Grady E F, Slice L W, Brant W O, Walsh J H, Payan D G, Bunnett N W
Department of Surgery, University of California, San Francisco 94143.
J Biol Chem. 1995 Mar 3;270(9):4603-11. doi: 10.1074/jbc.270.9.4603.

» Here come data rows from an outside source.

(* Let $(G,\rho)$ have vertices $v,w$ and edges $a_1,\dots,a_5$, each joining $v$ and $w$, with $\rho_v=(a_1,a_2,a_3,a_4,a_5)$ and $\rho_w=(a_1,a_3,a_2,a_5,a_4)$. Let $(G',\rho')$ have the same vertices $v,w$ and edges $b_1,\dots,b_5$, each joining $v$ and $w$, with $\rho'_v=(b_1,b_4,b_2,b_5,b_3)$ and $\rho'_w=(b_1,b_5,b_3,b_4,b_2)$. Let $\varphi:\mathcal T(G)\to\mathcal T(G')$ send the tree $\{a_i\}$ to $\{b_i\}$, and let $\gamma:\operatorname{Pic}^0(G)\to\operatorname{Pic}^0(G')$ send the class of $n v-n w$ to the class of $2nv-2nw$ (an isomorphism since both groups are $\mathbb Z/5\mathbb Z$). Then for every vertex $u\in\{v,w\}$ and for $\alpha$ either the rotor routing process or the Bernardi process, $\varphi(\alpha_u^{G}(S,T))=\alpha_u^{G'}(\gamma(S),\varphi(T))$ for all $S\in\operatorname{Pic}^0(G)$, $T\in\mathcal T(G)$. However, the genus of $(G,\rho)$ is $1$ while the genus of $(G',\rho')$ is $2$.
   Context: A ribbon graph $(G,\rho)$ is a finite connected loopless multigraph with, for each vertex $u$, a cyclic order $\rho_u$ on the edges at $u$. $\mathcal T(G)$ is the set of spanning trees (here each single edge). $\operatorname{Pic}^0(G)$ is the group of degree-zero integer chip configurations modulo firings (firing $u$ sends one chip from $u$ along each incident edge); $\operatorname{Pic}^k$ likewise for degree $k$. Rotor routing torsor $r_u$: for $S\in\operatorname{Pic}^0$, $T\in\mathcal T$, take a representative of $S$ nonnegative away from $u$; orient $T$ towards $u$, giving each other vertex an outgoing edge (rotor); while some vertex $x\ne u$ has positive chips, advance its rotor to the next edge in $\rho_x$ and send a chip along it; when all vertices other than $u$ have zero chips, the rotors form $r_u(S,T)$. Bernardi torsor $\beta_u$: with half-edges $(e,x)$, for $T$ start at $(e_0,u)$ for a fixed edge $e_0$ at $u$; at $(e',x')$: if $e'\in T$ with other endpoint $y$, move to $(e'',y)$ with $e''$ following $e'$ in $\rho_y$; if $e'\notin T$, move to $(\tilde e,x')$ with $\tilde e$ following $e'$ in $\rho_{x'}$ and place a chip on $x'$ if the other half-edge of $e'$ has not yet been visited. Stop on returning to $(e_0,u)$. The divisors $D_T$ (degree $|E|-|V|+1$) give a bijection of $\mathcal T$ with $\operatorname{Pic}^{|E|-|V|+1}$, and $\beta_u(S,T)$ is the unique $T'$ with $[D_{T'}]=[D_T]+S$. Genus: a cycle is a closed walk which, entering a vertex $x$ along $e$, leaves along the edge following $e$ in $\rho_x$; the genus $g$ satisfies $2g=2-|V|+|E|-\operatorname{cyc}(G,\rho)$, where $\operatorname{cyc}$ is the number of cycles. *)

From mathcomp Require Import all_boot all_order all_algebra.
Set Implicit Arguments. Unset Strict Implicit. Unset Printing Implicit Defensive.
Import GRing.Theory Num.Theory.
Local Open Scope ring_scope.
Definition kTAg (N k : nat) : problem N := fun F V =>
  if k <= #|[set p | ~~ V p]| then [set false]
  else if [forall p, V p] && (#|Faulty F| <= k.-1) then [set true]
  else [set: bool].

Definition kTAg_task (N k f : nat) : task N := (@kTAg N k, f).

Inductive input (N m : nat) (M : Type) :=
| InNone
| InMsg of 'I_N & M
| InResp of 'I_m & bool.

Record output (N m : nat) (M : Type) := Output {
  sends : seq ('I_N * M);
  query : option ('I_m * bool) }.

Record algorithm (N m : nat) := Algorithm {
  St : Type;
  Msg : Type;
  init : 'I_N -> bool -> St;
  step : 'I_N -> St -> input N m Msg -> St * output N m Msg;
  decision : St -> option bool }.

Arguments St {N m} a.
Arguments Msg {N m} a.
Arguments init {N m} a.
Arguments step {N m} a.
Arguments decision {N m} a _.

Inductive event (m : nat) :=
| EvNone
| EvMsg of nat & nat        (* deliver the i-th message sent at time t *)
| EvResp of 'I_m & nat.     (* deliver response of consultation c of oracle j *)

Section Exec.
Variables (N m : nat) (A : algorithm N m).
Variables (V : 'I_N -> bool)
          (sched : nat -> option ('I_N * event m))
          (resp : 'I_m -> nat -> bool).

Definition msg_of (outs : seq (option ('I_N * output N m (Msg A))))
    (t i : nat) (p : 'I_N) : option ('I_N * Msg A) :=
  match nth None outs t with
  | Some (q, o) =>
      match onth (sends o) i with
      | Some (d, msg) => if d == p then Some (q, msg) else None
      | None => None
      end
  | None => None
  end.

Definition input_of (outs : seq (option ('I_N * output N m (Msg A))))
    (p : 'I_N) (ev : event m) : input N m (Msg A) :=
  match ev with
  | EvNone => InNone _ _ _
  | EvMsg t i => match msg_of outs t i p with
                 | Some (q, msg) => InMsg _ q msg
                 | None => InNone _ _ _
                 end
  | EvResp j c => InResp _ _ j (resp j c)
  end.
(* Let $K\ge 3$ be odd, $a,b\ge1$ integers, $M\ge0$. For the $(K,a,b)$ coded caching problem for location-based content, $R^\star\ge \dfrac{K-1}{2}-\dfrac{K-1}{2(2a+b)}M$.
   Context: For integers $x\le y$, $[x:y]=\{x,x+1,\dots,y\}$ and $[n]=[1:n]$. For integers $c$ and $m\ge1$, $\langle c\rangle_m$ denotes the unique element of $\{1,\dots,m\}$ congruent to $c$ modulo $m$. The $(K,a,b)$ coded caching problem for location-based content: a server has $N=K(a+b)$ files $W_1,\dots,W_N$, each consisting of $B$ independent uniformly distributed bits. There are $K$ cache nodes, each storing $MB$ bits, and $K$ users, user $k$ having free access to cache node $k$ only. For $k\in[K]$ define $\mathcal D_{k,1}=[(k-1)(a+b)+1:ka+(k-1)b]$, $\mathcal D_{k,2}=[ka+(k-1)b+1:k(a+b)]$, $\mathcal D_{k,3}=\mathcal D_{\langle k+1\rangle_K,1}$, and $\mathcal D_k=\mathcal D_{k,1}\cup\mathcal D_{k,2}\cup\mathcal D_{k,3}$. A scheme consists of: placement functions $Z_k=\phi_k(W_1,\dots,W_N)\in\{0,1\}^{MB}$, chosen without knowledge of demands; for every demand vector $\mathbf d=(d_1,\dots,d_K)\in\mathcal D_1\times\cdots\times\mathcal D_K$, a transmitted message $X=\psi(\mathbf d,W_1,\dots,W_N)\in\{0,1\}^{RB}$; and decoding functions such that user $k$ recovers $W_{d_k}$ exactly from $(\mathbf d,Z_k,X)$ for every $\mathbf d$ and $k$. $R$ is the worst-case load and $R^\star$ is the infimum of $R$ over all schemes (and all $B$). *)

From HB Require Import structures.
From mathcomp Require Import all_boot all_order all_algebra.
From mathcomp Require Import reals.
Set Implicit Arguments. Unset Strict Implicit. Unset Printing Implicit Defensive.
Import Order.TTheory GRing.Theory Num.Theory.

(* <c>_m : the unique element of {1..m} congruent to c mod m (for c >= 1). *)
Definition angle (c m : nat) : nat := (c.-1 %% m).+1.

(* File index sets, with 1-based file indices j and 1-based cache index k. *)
Definition inD1 (K a b k j : nat) : bool :=
  ((k - 1) * (a + b) + 1 <= j) && (j <= k * a + (k - 1) * b).
Definition inD2 (K a b k j : nat) : bool :=
  (k * a + (k - 1) * b + 1 <= j) && (j <= k * (a + b)).
Definition inD3 (K a b k j : nat) : bool := inD1 K a b (angle k.+1 K) j.
Definition inD (K a b k j : nat) : bool :=
  [|| inD1 K a b k j, inD2 K a b k j | inD3 K a b k j].

Definition bits (n : nat) := {ffun 'I_n -> bool}.

(* Library of N = K(a+b) files W_1..W_N (file j+1 is index j : 'I_N). *)
Definition library (K a b B : nat) := {ffun 'I_(K * (a + b)) -> bits B}.

(* Demand vector: user k+1 (index k : 'I_K) requests file (d k)+1. *)
Definition demand (K a b : nat) := 'I_K -> 'I_(K * (a + b)).

Definition valid_demand (K a b : nat) (d : demand K a b) : Prop :=
  forall k : 'I_K, inD K a b k.+1 (d k).+1.

(* A scheme with subpacketization B, caches of m = M B bits and a
   transmission of r = R B bits; user k decodes from (d, Z_k, X). *)
Record scheme (K a b B m r : nat) := Scheme {
  place : 'I_K -> library K a b B -> bits m;
  send : demand K a b -> library K a b B -> bits r;
  decode : 'I_K -> demand K a b -> bits m -> bits r -> bits B;
  correct : forall d : demand K a b, valid_demand d ->
    forall (W : library K a b B) (k : 'I_K),
      decode k d (place k W) (send d W) = W (d k)
}.

From HB Require Import structures.
From mathcomp Require Import all_boot all_order all_algebra.
From mathcomp Require Import reals.
From mathcomp Require Import zify ring.
Import Order.TTheory GRing.Theory Num.Theory.

(* Proof idea: a cut-set (counting) argument.  Write K = 2t + 1 and c = 2a + b.
   User k (0-based, k + 1 < K) may request any of the c consecutive files
   k(a+b), ..., k(a+b) + c - 1, since they cover D_{k,1}, D_{k,2} and
   D_{k,3} = D_{k+1,1}.  For the t "even" users 0, 2, ..., 2t - 2 these
   windows are pairwise disjoint, so c demand vectors (the j-th one asking
   every even user for the j-th file of its window) together with the t
   caches of the even users determine t c whole files.  Hence the map sending
   the t c files to (t caches, c transmissions) is injective, and counting
   bits gives  B t c <= m t + r c,  i.e.  R >= t - t M / c. *)

Set Bullet Behavior "Strict Subproofs".

Lemma bits_injection {I J1 J2 : finType} {n m r : nat}
    {F : {ffun I -> bits n} -> {ffun J1 -> bits m} * {ffun J2 -> bits r}} :
  injective F -> (n * #|I| <= m * #|J1| + r * #|J2|)%N.
Proof.
move=> F_inj; have := leq_card F F_inj.
by rewrite card_prod !card_ffun !card_bool !card_ord -!expnM -expnD leq_exp2l.
Qed.

Section CutSet.
Context {K a b B m r : nat} (S : scheme K a b B m r).
Context {I J : finType} {user : I -> 'I_K} {dem : J -> demand K a b}.
Context {file : I * J -> 'I_(K * (a + b))}.
Hypothesis file_inj : injective file.
Hypothesis dem_valid : forall j, valid_demand (dem j).
Hypothesis dem_user : forall i j, dem j (user i) = file (i, j).

Definition embed (w : {ffun I * J -> bits B}) : library K a b B :=
  [ffun n => if [pick p | file p == n] is Some p then w p else [ffun=> false]].

Lemma embed_file w p : embed w (file p) = w p.
Proof.
rewrite ffunE; case: pickP => [q /eqP/file_inj -> // | /(_ p)].
by rewrite eqxx.
Qed.

Definition observe (w : {ffun I * J -> bits B}) :
    {ffun I -> bits m} * {ffun J -> bits r} :=
  ([ffun i => place S (user i) (embed w)], [ffun j => send S (dem j) (embed w)]).

(* By decodability, the observations recover every embedded file. *)
Lemma observe_inj : injective observe.
Proof.
move=> w1 w2 [/ffunP same_cache /ffunP same_send]; apply/ffunP => -[i j].
rewrite -!embed_file -!dem_user -!(correct S (dem_valid j)).
by have := same_cache i; have := same_send j; rewrite !ffunE => -> ->.
Qed.

Lemma cut_set_bound : (B * (#|I| * #|J|) <= m * #|I| + r * #|J|)%N.
Proof. by have := bits_injection observe_inj; rewrite card_prod. Qed.
End CutSet.

Section Windows.
Context {K a b : nat}.
Local Notation c := (2 * a + b)%N.

(* The c files starting at block k form a window inside D_{k+1} (1-based):
   the first a in D_{k+1,1}, the next b in D_{k+1,2}, the last a in D_{k+2,1}. *)
Lemma window_demandable (k j : nat) : (k.+2 <= K)%N -> (j < c)%N ->
  inD K a b k.+1 (k * (a + b) + j).+1.
Proof.
move=> kK jc; rewrite /inD /inD1 /inD2 /inD3 /angle /= modn_small //.
rewrite /inD1 !subSS !subn0 !mulSn !mulnDr.
case: (ltnP j a) => [ja|aj]; first by apply/orP; left; apply/andP; split; lia.
case: (ltnP j (a + b)) => [jab|abj].
- by apply/orP; right; apply/orP; left; apply/andP; split; lia.
- by apply/orP; right; apply/orP; right; apply/andP; split; lia.
Qed.

(* The last user, having no full window, can always request its first file. *)
Lemma first_demandable (k : nat) : (1 <= a)%N -> inD K a b k.+1 (k * (a + b)).+1.
Proof.
move=> a_pos; apply/orP; left.
by rewrite /inD1 subSS subn0 mulSn !mulnDr; apply/andP; split; lia.
Qed.

Definition window_file (j : 'I_c) (k : 'I_K) : nat :=
  if (k.+2 <= K)%N then (k * (a + b) + j)%N else (k * (a + b))%N.

Lemma window_file_lt j k : (window_file j k < K * (a + b))%N.
Proof.
have := ltn_ord j; have := ltn_ord k; rewrite /window_file.
case: ifP => [kK | _] k_lt j_lt.
- have : (k.+2 * (a + b) <= K * (a + b))%N by rewrite leq_mul2r kK orbT.
  rewrite !mulSn; lia.
- have : (k.+1 * (a + b) <= K * (a + b))%N by rewrite leq_mul2r k_lt orbT.
  rewrite mulSn; lia.
Qed.

Definition window_demand (j : 'I_c) : demand K a b :=
  fun k => Ordinal (window_file_lt j k).

Lemma window_demand_valid j : (1 <= a)%N -> valid_demand (window_demand j).
Proof.
move=> a_pos k; rewrite /= /window_file.
by case: ifP => [kK|_]; [apply: window_demandable | apply: first_demandable].
Qed.

Context {t : nat}.
Hypothesis tK : (2 * t <= K)%N.

Lemma even_user_lt (i : 'I_t) : (2 * i < K)%N.
Proof. by have := ltn_ord i; lia. Qed.

Definition even_user (i : 'I_t) : 'I_K := Ordinal (even_user_lt i).

Lemma block_file_lt (p : 'I_t * 'I_c) : (p.1 * (2 * (a + b)) + p.2 < K * (a + b))%N.
Proof.
case: p => i j; have := ltn_ord i; have := ltn_ord j => /= j_lt i_lt.
have : (i.+1 * (2 * (a + b)) <= t * (2 * (a + b)))%N by rewrite leq_mul2r i_lt orbT.
rewrite mulSn; nia.
Qed.

Definition block_file (p : 'I_t * 'I_c) : 'I_(K * (a + b)) := Ordinal (block_file_lt p).

(* Windows of even users are disjoint because they lie in distinct blocks of
   2(a+b) >= c files. *)
Lemma block_file_inj : injective block_file.
Proof.
move=> [i1 j1] [i2 j2] /(congr1 val) /= same.
have j_lt (j : 'I_c) : (j < 2 * (a + b))%N by have := ltn_ord j; lia.
have ab_pos : (0 < 2 * (a + b))%N by have := j_lt j1; lia.
have /= := congr1 (divn^~ (2 * (a + b))) same.
have /= := congr1 (modn^~ (2 * (a + b))) same.
rewrite !modnMDl !divnMDl // !modn_small ?divn_small ?j_lt // !addn0.
by move=> /val_inj -> /val_inj ->.
Qed.

Lemma window_demand_even_user i j :
  window_demand j (even_user i) = block_file (i, j).
Proof.
apply: val_inj; rewrite /= /window_file /=.
have user_ok : ((2 * i).+2 <= K)%N by have := ltn_ord i; lia.
by rewrite user_ok mulnA [(i * 2)%N]mulnC.
Qed.
End Windows.

Lemma alternate_users_bound (K a b B m r t : nat) (S : scheme K a b B m r) :
  (1 <= a)%N -> (2 * t <= K)%N ->
  (B * (t * (2 * a + b)) <= m * t + r * (2 * a + b))%N.
Proof.
move=> a_pos tK.
have := cut_set_bound S (block_file_inj tK) (window_demand_valid ^~ a_pos)
  (window_demand_even_user tK).
by rewrite !card_ord.
Qed.

Local Open Scope ring_scope.

Lemma rate_from_cut_set (R : realFieldType) (t c B m r : nat) :
  (0 < B)%N -> (0 < c)%N -> (B * (t * c) <= m * t + r * c)%N ->
  t%:R - t%:R / c%:R * (m%:R / B%:R) <= r%:R / B%:R :> R.
Proof.
move=> B_pos c_pos cut.
have BR : B%:R != 0 :> R by rewrite pnatr_eq0 -lt0n.
have cR : c%:R != 0 :> R by rewrite pnatr_eq0 -lt0n.
rewrite -subr_ge0.
have -> : r%:R / B%:R - (t%:R - t%:R / c%:R * (m%:R / B%:R))
    = ((m * t + r * c)%:R - (B * (t * c))%:R) / (c%:R * B%:R) :> R.
  by rewrite !natrD !natrM; field; rewrite BR cR.
by rewrite divr_ge0 ?mulr_ge0 // subr_ge0 ler_nat.
Qed.

Theorem mainTheorem5 (R : realType) (K a b : nat) :
  (3 <= K)%N -> odd K -> (1 <= a)%N -> (1 <= b)%N ->
  forall M : R, 0 <= M ->
  forall (B m r : nat), (0 < B)%N -> m%:R = M * B%:R ->
  forall S : scheme K a b B m r,
    (K%:R - 1) / 2 - (K%:R - 1) / (2 * (2 * a%:R + b%:R)) * M
      <= r%:R / B%:R.
Proof.
move=> _ K_odd a_pos _ M _ B m r B_pos mM S.
set t := K./2.
have K_eq : K = (2 * t).+1 by rewrite -[LHS]odd_double_half K_odd -muln2 mulnC.
have M_eq : M = m%:R / B%:R by rewrite mM mulfK // pnatr_eq0 -lt0n.
have K1 : K%:R - 1 = 2 * t%:R :> R by rewrite K_eq -addn1 natrD natrM addrK.
have c_eq : 2 * a%:R + b%:R = (2 * a + b)%N%:R :> R by rewrite natrD natrM.
have c_pos : (0 < 2 * a + b)%N by lia.
have halve (x y : R) : y != 0 -> 2 * x / (2 * y) = x / y.
  by move=> y0; rewrite invfM mulrACA divff ?mul1r ?pnatr_eq0.
have half : 2 * t%:R / 2 = t%:R :> R by rewrite mulrAC divff ?mul1r ?pnatr_eq0.
rewrite K1 c_eq M_eq half halve ?pnatr_eq0 -?lt0n //.
apply: rate_from_cut_set => //.
by apply: alternate_users_bound S a_pos _; rewrite K_eq leqnSn.
Qed.
(* Let $n\ge2$ be an integer and let $w>0$ be fixed. For $\alpha>0$ let $\overline{G}_\alpha(x)=\int_x^\infty\frac{1}{\Gamma(\alpha)}e^{-t}t^{\alpha-1}\,dt$, $x\ge0$. For $\mu\ge0$ define $$I_1(\mu)=\int_0^{\mu/n}ue^{2nu}\overline{G}_{2n}\!\left(\frac{u(1+nw)}{w}\right)du,\qquad I_2(\mu)=\int_0^{\mu/n}e^{2nu}\overline{G}_{2n+1}\!\left(\frac{u(1+nw)}{w}\right)du,$$ $$I_3(\mu)=\frac{\mu}{1+nI_2(\mu)},\qquad I_4(\mu)=\frac{I_1(\mu)}{1+nI_2(\mu)},\qquad k(\mu)=\frac{1+\mu-2n^2I_1(\mu)}{1+nI_2(\mu)}.$$ Then: (i) $\lim_{\mu\to\infty}I_1(\mu)=\left(\frac{1+nw}{1-nw}\right)^{2n}\left[\frac{w}{1-nw}-\frac{1}{4n^2}\right]+\frac{1}{4n^2}$ if $0<w<\frac1n$, and $=\infty$ if $w\ge\frac1n$; (ii) $\lim_{\mu\to\infty}I_2(\mu)=\frac{1}{2n}\left[\left(\frac{1+nw}{1-nw}\right)^{2n+1}-1\right]$ if $0<w<\frac1n$, and $=\infty$ if $w\ge\frac1n$; (iii) $\lim_{\mu\to\infty}I_3(\mu)=\infty$ if $0<w<\frac1n$, and $=0$ if $w\ge\frac1n$; (iv) $\lim_{\mu\to\infty}I_4(\mu)=\dfrac{\lim_{\mu\to\infty}I_1(\mu)}{1+n\lim_{\mu\to\infty}I_2(\mu)}$ if $0<w<\frac1n$, and $=\frac{2w}{1+nw}$ if $w\ge\frac1n$; (v) $\lim_{\mu\to\infty}k(\mu)=\infty$ if $0<w<\frac1n$, and $=-\frac{4n^2w}{1+nw}$ if $w\ge\frac1n$; (vi) $\sup_{\mu\ge0}k(\mu)=\infty$ if $0<w<\frac1n$, and $=1$ if $w\ge\frac1n$; (vii) if $w\ge\frac1n$ then $\inf_{\mu\ge0}k(\mu)=-\frac{4n^2w}{1+nw}$; and for every $w>0$, $\inf_{\mu\ge0}k(\mu)\ge-\frac{4n^2w}{1+nw}$.
   Context: $\Gamma$ denotes the gamma function, so $\overline{G}_\alpha$ is the survival function of the Gamma$(\alpha,1)$ distribution. *)

From Stdlib Require Import Reals.
From Coquelicot Require Import Coquelicot.
Open Scope R_scope.

(* Gamma density numerator e^{-t} t^{a-1}; only evaluated at t > 0. *)
Definition gdens (a t : R) : R := exp (- t) * Rpower t (a - 1).

Definition Gamma (a : R) : R :=
  RInt_gen (gdens a) (at_right 0) (Rbar_locally p_infty).

Definition Gbar (a x : R) : R :=
  RInt_gen (gdens a) (at_right x) (Rbar_locally p_infty) / Gamma a.

Definition I1 (n : nat) (w mu : R) : R :=
  RInt (fun u => u * exp (2 * INR n * u) *
                 Gbar (2 * INR n) (u * (1 + INR n * w) / w)) 0 (mu / INR n).

Definition I2 (n : nat) (w mu : R) : R :=
  RInt (fun u => exp (2 * INR n * u) *
                 Gbar (2 * INR n + 1) (u * (1 + INR n * w) / w)) 0 (mu / INR n).

Definition I3 (n : nat) (w mu : R) : R := mu / (1 + INR n * I2 n w mu).

Definition I4 (n : nat) (w mu : R) : R := I1 n w mu / (1 + INR n * I2 n w mu).

Definition kfun (n : nat) (w mu : R) : R :=
  (1 + mu - 2 * (INR n) ^ 2 * I1 n w mu) / (1 + INR n * I2 n w mu).

Definition I1lim (n : nat) (w : R) : R :=
  ((1 + INR n * w) / (1 - INR n * w)) ^ (2 * n)
    * (w / (1 - INR n * w) - 1 / (4 * (INR n) ^ 2))
  + 1 / (4 * (INR n) ^ 2).

Definition I2lim (n : nat) (w : R) : R :=
  1 / (2 * INR n) * (((1 + INR n * w) / (1 - INR n * w)) ^ (2 * n + 1) - 1).

(* For integer shape, Gbar (k + 1) x = e^(-x) Q_(k+1)(x), where Q_m = exp_trunc m is the
   truncated exponential series y |-> sum_(j<m) y^j/j!.  With c = (1 + n w)/w and
   d = c - 2n = (1 - n w)/w, the substitution turns I2 and I1 into integrals over [0, mu/n]
   of e^(-d u) Q_(2n+1)(c u) and u e^(-d u) Q_(2n)(c u).

   If w < 1/n then d > 0: both integrands have explicit primitives tending to 0 at infinity,
   and their values at 0 are the finite sums that give the closed forms.  If w >= 1/n then
   d <= 0: the integrand of I2 is at least 1 + c u, so I2 grows quadratically in mu.  The
   identity m Q_(m+1)(y) - y Q_m(y) = sum_(k<m) (m-k) y^k/k!, which lies in [0, m Q_m(y)],
   gives 0 <= (2n/c) I2 - I1 <= (2n/c) J with J the analogue of I2 built on Q_(2n); since
   Q_(2n) = o(Q_(2n+1)) at infinity, J = o(I2), hence I1 ~ (2n/c) I2.  The left inequality
   holds for every w and is exactly the lower bound on k. *)

From Stdlib Require Import Reals Lra Lia Psatz Factorial.
From Coquelicot Require Import Coquelicot.
Open Scope R_scope.

Lemma is_lim_div_id (a : R) : is_lim (fun t => a / t) p_infty 0.
Proof.
  replace (Finite 0) with (Rbar_mult a 0) by (simpl; f_equal; ring).
  apply (is_lim_scal_l (fun t => / t)).
  apply (is_lim_inv (fun t => t) p_infty p_infty); [apply is_lim_id | discriminate].
Qed.

Lemma is_lim_scal_id_p_infty a : 0 < a -> is_lim (fun x => a * x) p_infty p_infty.
Proof.
  intros Ha. replace p_infty with (Rbar_mult a p_infty) at 2.
  - apply is_lim_scal_l, is_lim_id.
  - rewrite Rbar_mult_comm. apply is_Rbar_mult_unique, is_Rbar_mult_p_infty_pos. exact Ha.
Qed.

Lemma is_lim_comp_scal f a l : is_lim f p_infty l -> 0 < a ->
  is_lim (fun x => f (a * x)) p_infty l.
Proof.
  intros Hf Ha. apply (is_lim_comp f (fun x => a * x) p_infty l p_infty);
    [exact Hf | apply is_lim_scal_id_p_infty; exact Ha | exists 0; intros; discriminate].
Qed.

Lemma is_lim_comp_div f a l : is_lim f p_infty l -> 0 < a ->
  is_lim (fun x => f (x / a)) p_infty l.
Proof.
  intros Hf Ha. apply (is_lim_ext (fun x => f (/ a * x))).
  - intros x. unfold Rdiv. rewrite Rmult_comm. reflexivity.
  - apply is_lim_comp_scal; [exact Hf | apply Rinv_0_lt_compat, Ha].
Qed.

Lemma is_lim_mult_p_infty_pos f g l : is_lim f p_infty p_infty ->
  is_lim g p_infty (Finite l) -> 0 < l -> is_lim (fun x => f x * g x) p_infty p_infty.
Proof.
  intros Hf Hg Hl. replace p_infty with (Rbar_mult p_infty l) at 2.
  - apply is_lim_mult; [exact Hf | exact Hg | simpl; lra].
  - apply is_Rbar_mult_unique, is_Rbar_mult_p_infty_pos. exact Hl.
Qed.

Lemma is_lim_inv_1_plus f k l : is_lim f p_infty (Finite l) -> 1 + k * l <> 0 ->
  is_lim (fun x => / (1 + k * f x)) p_infty (/ (1 + k * l)).
Proof.
  intros Hf Hne. apply (is_lim_inv (fun x => 1 + k * f x) p_infty (1 + k * l)).
  - apply is_lim_plus'; [apply is_lim_const | apply (is_lim_scal_l f k p_infty l), Hf].
  - intros H. injection H. exact Hne.
Qed.

Lemma is_lim_div_1_plus (A B : R -> R) (a k : R) : 0 < k ->
  is_lim (fun x => A x / B x) p_infty a -> is_lim B p_infty p_infty ->
  is_lim (fun x => A x / (1 + k * B x)) p_infty (a / k).
Proof.
  intros Hk HAB HB.
  assert (HBpos : Rbar_locally p_infty (fun x => 0 < B x)).
  { apply is_lim_spec in HB. destruct (HB 0) as [N HN]. exists N. exact HN. }
  apply (is_lim_ext_loc (fun x => A x / B x * / (k + / B x))).
  - destruct HBpos as [N HN]. exists N. intros x Hx. specialize (HN x Hx).
    assert (0 < / B x) by (apply Rinv_0_lt_compat, HN).
    field. repeat split; apply Rgt_not_eq; nra.
  - apply (is_lim_mult _ _ _ a (/ k)); [exact HAB | | simpl; exact I].
    replace (Finite (/ k)) with (Rbar_inv (k + 0)) by (simpl; rewrite Rplus_0_r; reflexivity).
    apply (is_lim_inv (fun x => k + / B x)).
    + apply is_lim_plus'; [apply is_lim_const|].
      apply (is_lim_inv B p_infty p_infty HB). discriminate.
    + simpl. intros H. injection H. lra.
Qed.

Endocytosis of the gastrin releasing peptide receptor (GRP-R) may regulate cellular responses to GRP. We observed endocytosis in transfected epithelial cells by confocal microscopy using cyanine 3-GRP (cyanine 3.18-labeled gastrin releasing peptide) and GRP-R antibodies. At 4 degrees C, cy3-GRP and GRP-R were confined to the plasma membrane. After 5 min at 37 degrees C, ligand and receptor were internalized into early endosomes with fluorescein isothiocyanate-transferrin. After 10 min, cy3-GRP and GRP-R were in perinuclear vesicles, and at 60 min cy3-GRP was in large, central vesicles, while GRP-R was at the cell surface. We quantified surface GRP-R using an antibody to an extracellular epitope and an 125I-labeled secondary antibody. After exposure to GRP, there was a loss and subsequent recovery of surface GRP-R. Recovery was unaffected by cycloheximide, and thus independent of new protein synthesis, but was attenuated by acidotropic agents, and therefore required endosomal acidification. Internalization of 125I-GRP, assessed using an acid wash, was maximal after 10-20 min, and was clathrin-mediated since it was inhibited by hyperosmolar sucrose and phenylarsine oxide. Thus, GRP and its receptor are rapidly internalized into early endosomes and then dissociate in an acidified compartment. GRP is probably degraded whereas the GRP-R recycles.
胃泌素释放肽受体(GRP-R)的内吞作用可能调节细胞对胃泌素释放肽(GRP)的反应。我们使用菁3-GRP(菁3.18标记的胃泌素释放肽)和GRP-R抗体,通过共聚焦显微镜观察了转染上皮细胞中的内吞作用。在4℃时,菁3-GRP和GRP-R局限于质膜。在37℃孵育5分钟后,配体和受体与异硫氰酸荧光素-转铁蛋白一起内化到早期内体中。10分钟后,菁3-GRP和GRP-R存在于核周小泡中,60分钟时,菁3-GRP存在于大的中央小泡中,而GRP-R位于细胞表面。我们使用针对细胞外表位的抗体和125I标记的二抗对表面GRP-R进行定量。暴露于GRP后,表面GRP-R先减少随后恢复。恢复不受放线菌酮影响,因此与新蛋白质合成无关,但受亲酸性试剂减弱,因此需要内体酸化。用酸洗评估的125I-GRP内吞作用在10 - 20分钟后达到最大值,且是网格蛋白介导的,因为它受到高渗蔗糖和苯砷氧化物的抑制。因此,GRP及其受体迅速内化到早期内体中,然后在酸化区室中解离。GRP可能被降解,而GRP-R则循环利用。